A race riot occurred in Omaha, Nebraska on September 28, 1919. Three weeks before the riot started, federal investigators had noted that there had been a clash between white and black workers in the local stockyards. It then resulted in the lynching of a black worker, Will Brown; the death of two white men; as well as the attempted hanging of Mayor, Ed Smith; and a public riot thousands of whites who set fire to the Douglas County Courthouse in downtown Omaha. It was then followed by more than 20 race riots in major cities around United States during the Red Summer of 1919.

The Omaha Riot was severely condemned throughout the country. The arrest and prosecution of the riot mob leaders was widely called for in the media. Police and army authorities arrested many of the participants on charges that ranged from murder to arson and held them for trial. The Army presence in Omaha was the largest in response to any of the race riots. By early October, the emergency had passed and the Army presence was reduced by middle of October.

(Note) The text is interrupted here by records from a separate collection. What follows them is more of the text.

(* For any non-null classifier $\delta$, any $t\ge0$, any $F$ satisfying the assumptions below, and any $\phi\in(\tfrac12,1]$, the reward $r^*=k_\mu^*(t,F)/\rho(\delta,\phi)$ is a Condorcet winner: for every other reward $r\in\mathbb{R}$, a majority of individuals (a set of measure at least one half) prefers $r^*$ to $r$, where each individual evaluates rewards by the payoff $U_i(\cdot)$ below.
   Context: A unit mass of individuals $i\in[0,1]$ have privately known costs $\gamma_i\in\mathbb{R}$ of choosing $\beta_i=1$ (compliance) rather than $\beta_i=0$, distributed according to a continuously differentiable CDF $F$ with log-concave density $f$ of full support on $\mathbb{R}$. A classifier $\delta=(\delta_1,\delta_0)\in[0,1]^2$ assigns $d_i$ with $\Pr[d_i=s_i\mid s_i]=\delta_{s_i}$, where $\Pr[s_i=\beta_i]=\phi$. Let $\rho=\rho(\delta,\phi)=(\delta_1+\delta_0-1)(2\phi-1)$; $\delta$ is non-null if $\rho\neq0$. Individuals with $d_i=1$ receive reward $r$, financed by an equal tax on all (budget balance), and each gets $t\pi$ with $\pi=F(r\rho)$ the compliance rate (individuals comply iff $\gamma_i\le r\rho$). Individual $i$'s payoff from reward $r$ is $U_i(r)=-\gamma_i+r\rho(1-F(r\rho))+tF(r\rho)$ if $\gamma_i\le r\rho$, and $U_i(r)=-r\rho F(r\rho)+tF(r\rho)$ otherwise. Define $k_0,k_1$ by $k_0=t-\frac{F(k_0)}{f(k_0)}$, $k_1=t+\frac{1-F(k_1)}{f(k_1)}$, and for an individual with cost $\gamma$ let $k^*(\gamma)=k_1$ if $\gamma\le k_0F(k_0)+k_1(1-F(k_1))+t(F(k_1)-F(k_0))$ and $k_0$ otherwise. The median individual $\mu$ has cost $\gamma_\mu$ with $F(\gamma_\mu)=\tfrac12$, and $k_\mu^*(t,F)=k^*(\gamma_\mu)$. *)

From mathcomp Require Import all_boot all_order all_algebra.
From mathcomp Require Import all_classical all_reals all_analysis.
Set Implicit Arguments. Unset Strict Implicit. Unset Printing Implicit Defensive.
Import Order.TTheory GRing.Theory Num.Theory.
Import numFieldNormedType.Exports.
Local Open Scope ring_scope.
Local Open Scope classical_set_scope.

Section Defs.
Variable R : realType.

Definition rho (d1 d0 phi : R) : R := (d1 + d0 - 1) * (2 * phi - 1).

(* Payoff U_i(r) of an individual with cost gamma, given the CDF F,
   the (lump-sum) transfer parameter t and rho. *)
Definition payoff (F : R -> R) (t rh gamma r : R) : R :=
  if gamma <= r * rh
  then - gamma + r * rh * (1 - F (r * rh)) + t * F (r * rh)
  else - (r * rh * F (r * rh)) + t * F (r * rh).

Definition kstar (F : R -> R) (t k0 k1 gamma : R) : R :=
  if gamma <= k0 * F k0 + k1 * (1 - F k1) + t * (F k1 - F k0) then k1 else k0.
Lemma vsum_exit_at (A : pred config) m x :
  VS {f | first_exit A m f} (fun z => run_weight x (sval z)) =
  VS {w | exit_path A m w}
     (fun w => path_weight x (rcons (sval w).2 (sval w).1) *: omega (sval w).1).
Proof.
transitivity (VS ({w | exit_path A m w} * (nat -> config))
    (fun z => path_weight x (rcons (sval z.1).2 (sval z.1).1) *: run_weight (sval z.1).1 z.2)).
  have spliceP (z : {w | exit_path A m w} * (nat -> config)) :
      first_exit A m (splice (sval z.1).1 (sval z.1).2 z.2).
    case: z => [[[y s] [/= sm As Ay]] g] /=; split; last by rewrite -sm splice_size.
    move=> k lt_km; rewrite splice_lt ?sm //.
    by apply: (allP As); apply: mem_nth; rewrite sm.
  have cutP (z : {f | first_exit A m f}) : exit_path A m (sval z m, mkseq (sval z) m).
    case: z => f [Af Afm] /=; split => //; first by rewrite size_mkseq.
    apply/allP => y /mapP [k]; rewrite mem_iota add0n => /andP [_ lt_km] ->.
    exact: Af.
  apply: (reindex_csum vsumP (g := fun z => exist _ _ (spliceP z))
     (h := fun z => (exist _ _ (cutP z), fun k => sval z (m.+1 + k)%N))).
  - case=> [[[y s] [/= sm As Ay]] g]; congr pair.
      by apply: sval_inj => /=; rewrite -sm splice_size mkseq_splice.
    by apply: functional_extensionality => k /=; rewrite -sm splice_addn.
  - by case=> f fP; apply: sval_inj => /=; rewrite splice_mkseq.
  - by case=> [[[y s] wP] g] /=; rewrite run_weight_splice.
rewrite (csum_pair vsumP); apply: eq_csum => w /=.
by rewrite (vsum_scaler P).
Qed.
Definition hausdorff_dim (E : set R) : \bar R :=
  ereal_inf [set s%:E | s in [set s : R | 0 <= s /\ hausdorff_measure s E = 0%E]].

Definition Tk (k : nat) (x : R) : R := k%:R * x - (Num.floor (k%:R * x))%:~R.

Definition Wk (k : nat) (a b : R) : set R :=
  [set x | 0 <= x < 1 /\ forall n : nat, ~ (a < iter n (Tk k) x < b)].

Definition dk (k : nat) (a b : R) : \bar R := hausdorff_dim (Wk k a b).

End Defs.

From HB Require Import structures.
From mathcomp Require Import all_boot all_order all_algebra.
From mathcomp Require Import all_classical all_reals all_analysis.
From mathcomp Require Import ring lra zify.

Set Implicit Arguments.
Unset Strict Implicit.
Unset Printing Implicit Defensive.
Import Order.TTheory GRing.Theory Num.Theory.
Import numFieldNormedType.Exports.
Local Open Scope classical_set_scope.
Local Open Scope ring_scope.

(* Expanding x in base j with digits d_i, the map
     phi x = sum_i (e + d_i) k^-(i+1)
   sends [0,1) to points whose base-k digits all lie in {e, ..., e + j - 1}.
   It satisfies T_k o phi = phi o T_j and takes values in [e/k, (e+j)/k), so
   for e = k - j, resp. e = 0, its image is T_k-invariant and misses (a,b),
   i.e. lies in W_k(a,b).  Two points at distance >= j^-n have images at
   distance >= c k^-n, so phi^-1 is Hölder of exponent t = ln j / ln k.
   Pulling a delta-cover of the image back by phi gives a cover of [0,1) by
   sets of diameter <= C diam^t; comparing with Lebesgue measure shows that
   H^s of the image is bounded below for s <= t, whence dimension >= t. *)

Lemma Tk_itv (R : realType) (k : nat) (x : R) : 0 <= Tk k x < 1.
Proof.
rewrite /Tk; have /andP[fl_le fl_gt] := floor_itv (k%:R * x).
by rewrite intrD in fl_gt; apply/andP; split; lra.
Qed.

Lemma iter_Tk_itv (R : realType) (k n : nat) (x : R) :
  0 <= x < 1 -> 0 <= iter n (Tk k) x < 1.
Proof. by case: n => [|n] //= _; exact: Tk_itv. Qed.

Lemma dist_lt1 (R : realType) (x y : R) :
  0 <= x < 1 -> 0 <= y < 1 -> `|x - y| < 1.
Proof. by move=> /andP[? ?] /andP[? ?]; rewrite ltr_norml; apply/andP; split; lra. Qed.

Lemma exists_invXn_lt (R : realType) (m : nat) (eps : R) :
  (1 < m)%N -> 0 < eps -> exists n, (m%:R ^+ n)^-1 < eps.
Proof.
move=> m_gt1 eps_gt0; set N := (Num.truncn eps^-1).+1; exists N.
have m_gt0 : (0 : R) < m%:R by rewrite ltr0n; lia.
have N_gt : eps^-1 < m%:R ^+ N.
  by apply: lt_trans (truncnS_gt _) _; rewrite -natrX ltr_nat ltn_expl.
by rewrite -[eps]invrK ltf_pV2 ?posrE ?invr_gt0 ?exprn_gt0.
Qed.

Lemma invXn_powR_ln_div (R : realType) (p q : R) (n : nat) :
  1 < p -> 0 < q -> (p ^+ n)^-1 `^ (ln q / ln p) = (q ^+ n)^-1.
Proof.
move=> p_gt1 q_gt0; have p_gt0 : 0 < p by exact: lt_trans p_gt1.
apply: ln_inj; rewrite ?posrE ?powR_gt0 ?invr_gt0 ?exprn_gt0 //.
rewrite ln_powR !lnV ?posrE ?exprn_gt0 // !lnXn //.
by rewrite mulrN mulrnAr divfK // gt_eqF // ln_gt0.
Qed.

Section Diameter.
Variable R : realType.
Implicit Types (U : set R) (x y d s t : R).

Lemma diam_ge_dist U x y : U x -> U y -> ((`|x - y|)%:E <= diam U)%E.
Proof. by move=> Ux Uy; apply: ereal_sup_ubound; exists x => //; exists y. Qed.

Lemma fine_diam_set0 : fine (diam (@set0 R)) = 0.
Proof.
rewrite /diam (_ : [set _ | x in set0 & y in set0] = set0) ?ereal_sup0 //.
by apply/seteqP; split => z // [x []].
Qed.

Lemma diam_fineK U x d : U x -> (diam U <= d%:E)%E -> (fine (diam U))%:E = diam U.
Proof.
move=> Ux diamU; apply: fineK.
have diam_ge0 : (0 <= diam U)%E by have := diam_ge_dist Ux Ux; rewrite subrr normr0.
by rewrite ge0_fin_numE // (le_lt_trans diamU) // ltey.
Qed.

Lemma dist_le_fine_diam U x y d :
  (diam U <= d%:E)%E -> U x -> U y -> `|x - y| <= fine (diam U).
Proof. by move=> diamU Ux Uy; rewrite -lee_fin (diam_fineK Ux diamU) diam_ge_dist. Qed.

Lemma fine_diam_itv U x d : U x -> (diam U <= d%:E)%E -> 0 <= fine (diam U) <= d.
Proof.
move=> Ux diamU; rewrite -!lee_fin (diam_fineK Ux diamU) diamU andbT.
by have := diam_ge_dist Ux Ux; rewrite subrr normr0.
Qed.

Lemma diam_pow_ge0 s U : 0 <= diam_pow s U.
Proof. by rewrite /diam_pow; case: ifP => // _; exact: powR_ge0. Qed.

Lemma fine_diam_powR_le s t U :
  0 < t -> s <= t -> (diam U <= 1%:E)%E -> fine (diam U) `^ t <= diam_pow s U.
Proof.
move=> t_gt0 s_le_t diamU; rewrite /diam_pow; case: ifPn => [/eqP ->|/set0P[x Ux]].
  by rewrite fine_diam_set0 powR0 // gt_eqF.
have /andP[D_ge0 D_le1] := fine_diam_itv Ux diamU.
have [->|D_neq0] := eqVneq (fine (diam U)) 0; first by rewrite powR0 ?powR_ge0 // gt_eqF.
by apply: ger_powR => //; rewrite D_le1 andbT lt_neqAle eq_sym D_neq0.
Qed.

Lemma sub_itv_of_dist_le (V : set R) d : 0 <= d ->
  (forall x y, V x -> V y -> `|x - y| <= d) ->
  exists I : interval R, V `<=` [set` I] /\ (lebesgue_measure [set` I] <= (2 * d)%:E)%E.
Proof.
move=> d_ge0 distV; have [[v Vv]|V0] := pselect (exists v, V v).
  exists `[v - d, v + d]; split.
    move=> x Vx; rewrite /= in_itv /=; have := distV x v Vx Vv.
    by rewrite ler_norml => /andP[? ?]; apply/andP; split; lra.
  rewrite lebesgue_measure_itv /= lte_fin.
  by case: ifPn => _; rewrite -?EFinD lee_fin; lra.
exists `]0, 0[; split; first by move=> x Vx; case: V0; exists x.
by rewrite lebesgue_measure_itv /= lte_fin ltxx lee_fin mulr_ge0.
Qed.

Lemma lebesgue_measure_itv_le_cover (A : interval R) (V : nat -> set R) (r : nat -> R) :
  (forall n, 0 <= r n) ->
  (forall n x y, V n x -> V n y -> `|x - y| <= r n) ->
  [set` A] `<=` \bigcup_n V n ->
  (lebesgue_measure [set` A] <= \sum_(0 <= n <oo) (2 * r n)%:E)%E.
Proof.
move=> r_ge0 distV AV.
have [I VI] := choice (fun n => sub_itv_of_dist_le (r_ge0 n) (distV n)).
apply: le_trans (_ : \sum_(0 <= n <oo) lebesgue_measure [set` I n] <= _)%E.
  apply: measure_sigma_subadditive; [by move=> n; exact: measurable_itv|exact: measurable_itv|].
  by move=> x /AV[n _ Vnx]; exists n => //; exact: (VI n).1.
by apply: lee_nneseries => n *; [exact: measure_ge0 | exact: (VI n).2].
Qed.

End Diameter.

Section InverseHolder.
Variables (R : realType) (E : set R) (f : R -> R) (C t : R).
Hypotheses (C_gt0 : 0 < C) (t_gt0 : 0 < t).
Hypothesis f_in : forall x, 0 <= x < 1 -> E (f x).
Hypothesis f_inv_holder : forall x y, 0 <= x < 1 -> 0 <= y < 1 ->
  `|x - y| <= C * `|f x - f y| `^ t.

Lemma cover_diam_pow_sum_ge s U : s <= t -> delta_cover 1 E U ->
  (((2 * C)^-1)%:E <= \sum_(0 <= n <oo) (diam_pow s (U n))%:E)%E.
Proof.
move=> s_le_t [EU diamU].
pose D n := fine (diam (U n)).
pose V n := [set x : R | 0 <= x < 1 /\ U n (f x)].
have distV n x y : V n x -> V n y -> `|x - y| <= C * D n `^ t.
  move=> [x01 Ufx] [y01 Ufy]; apply: le_trans (f_inv_holder x01 y01) _.
  have /andP[D_ge0 _] := fine_diam_itv Ufx (diamU n).
  rewrite ler_pM2l //; apply: (ge0_ler_powR (ltW t_gt0)); rewrite ?nnegrE //.
  exact: dist_le_fine_diam (diamU n) Ufx Ufy.
have cover01 : [set` `[(0 : R), 1[] `<=` \bigcup_n V n.
  move=> x; rewrite /= in_itv /= => x01.
  by have [n _ Unfx] := EU _ (f_in x01); exists n.
have := lebesgue_measure_itv_le_cover _ distV cover01.
rewrite lebesgue_measure_itv /= lte_fin ltr01 oppr0 adde0 => sum_ge1.
rewrite -[leLHS]mule1 lee_pdivrMl ?mulr_gt0 //.
rewrite -nneseriesZl; last by move=> n _; rewrite lee_fin diam_pow_ge0.
apply: le_trans (sum_ge1 _) _ => [n|]; first by rewrite mulr_ge0 ?powR_ge0 // ltW.
apply: lee_nneseries => n _; first by rewrite lee_fin !mulr_ge0 ?powR_ge0 // ltW.
rewrite -EFinM lee_fin -mulrA ler_pM2l // ler_pM2l //.
exact: fine_diam_powR_le.
Qed.

Lemma hausdorff_measure_ge s : s <= t ->
  (((2 * C)^-1)%:E <= hausdorff_measure s E)%E.
Proof.
move=> s_le_t; apply: le_trans (_ : hausdorff_content s 1 E <= _)%E.
  by apply: le_ereal_inf_tmp => _ [U EU <-]; exact: cover_diam_pow_sum_ge.
by apply: ereal_sup_ubound; exists 1; rewrite /= ?ltr01.
Qed.

Lemma hausdorff_dim_ge : (t%:E <= hausdorff_dim E)%E.
Proof.
apply: le_ereal_inf_tmp => _ [s [_ Hs0] <-]; rewrite lee_fin leNgt; apply/negP => s_lt_t.
by have := hausdorff_measure_ge (ltW s_lt_t); rewrite Hs0 lee_fin leNgt invr_gt0 mulr_gt0.
Qed.

End InverseHolder.

Section DigitEmbedding.
Variables (R : realType) (j k e : nat).
Hypotheses (j_gt1 : (1 < j)%N) (j_lt_k : (j < k)%N) (ejk : (e + j <= k)%N).

Local Notation jr := (j%:R : R).
Local Notation kr := (k%:R : R).
Local Notation er := (e%:R : R).

Let jr_gt1 : 1 < jr. Proof. by rewrite ltr1n. Qed.
Let jr_gt0 : 0 < jr. Proof. exact: lt_trans jr_gt1. Qed.
Let kr_ge_jr1 : jr + 1 <= kr. Proof. by rewrite -(natrD _ j 1) ler_nat addn1. Qed.
Let kr_ge_ej : er + jr <= kr. Proof. by rewrite -natrD ler_nat. Qed.
Let kr_gt1 : 1 < kr. Proof. by rewrite ltr1n; lia. Qed.
Let kr_gt0 : 0 < kr. Proof. exact: lt_trans kr_gt1. Qed.
Let t_gt0 : 0 < ln jr / ln kr. Proof. by rewrite divr_gt0 ?ln_gt0. Qed.

Definition digit (x : R) : R := (Num.floor (jr * x))%:~R.

Lemma TjE x : Tk j x = jr * x - digit x. Proof. by []. Qed.
Lemma max_prefix_free_root_cons V S : {subset S <= V} -> [::] \notin V ->
  max_prefix_free ([::] :: V) ([::] :: S) = (S == [::]).
Proof.
move=> sub_V rootNV; case: S sub_V => [|b S] sub_V.
  rewrite /max_prefix_free /= eqxx /covers /=; apply/allP => v _.
  by rewrite /= /prefix_comparable prefix0s orbT.
have b_neq : ([::] == b) = false.
  by apply: contraNF rootNV => /eqP->; apply: sub_V; exact: mem_head.
by rewrite /max_prefix_free /prefix_free allrel_consl /= b_neq prefix0s.
Qed.

Lemma max_prefix_free_root V S :
  max_prefix_free ([::] :: V) S = max_prefix_free V S && (S != [::]).
Proof.
rewrite /max_prefix_free /covers /= -andbA; congr andb; rewrite andbC; congr andb.
by case: S => //= b S; rewrite /prefix_comparable prefix0s.
Qed.
End PrefixAntichains.

Section AntichainSum.
Variables (X : eqType) (R : comPzSemiRingType).
Implicit Types (V : seq (seq X)) (g : seq X -> R).

Definition antichain_sum V g :=
  \sum_(S <- subseqs V | max_prefix_free V S) \prod_(a <- S) g a.

Lemma antichain_sum_map_cons i V g :
  antichain_sum (map (cons i) V) g = antichain_sum V (fun a => g (i :: a)).
Proof.
rewrite /antichain_sum subseqs_map big_map.
by apply: eq_big => [S|S _]; rewrite ?max_prefix_free_map_cons ?big_map.
Qed.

The district court ordered a grand jury to convene to further investigate the riots, and a grand jury was impaneled for this. After a 6 week session, the grand jury produced a report that criticized the Smith government administration for its ineffective leadership as well as the incompetence of the police. Witnesses from the army testified that they believed a more prompt police action could have controlled the riot. 120 indictments were handed down for involvement in the riots.

Of the 120 persons that were initially indicted for there involvement in the riot, most were never successfully prosecuted, and they all were eventually released after not serving any term of imprisonment.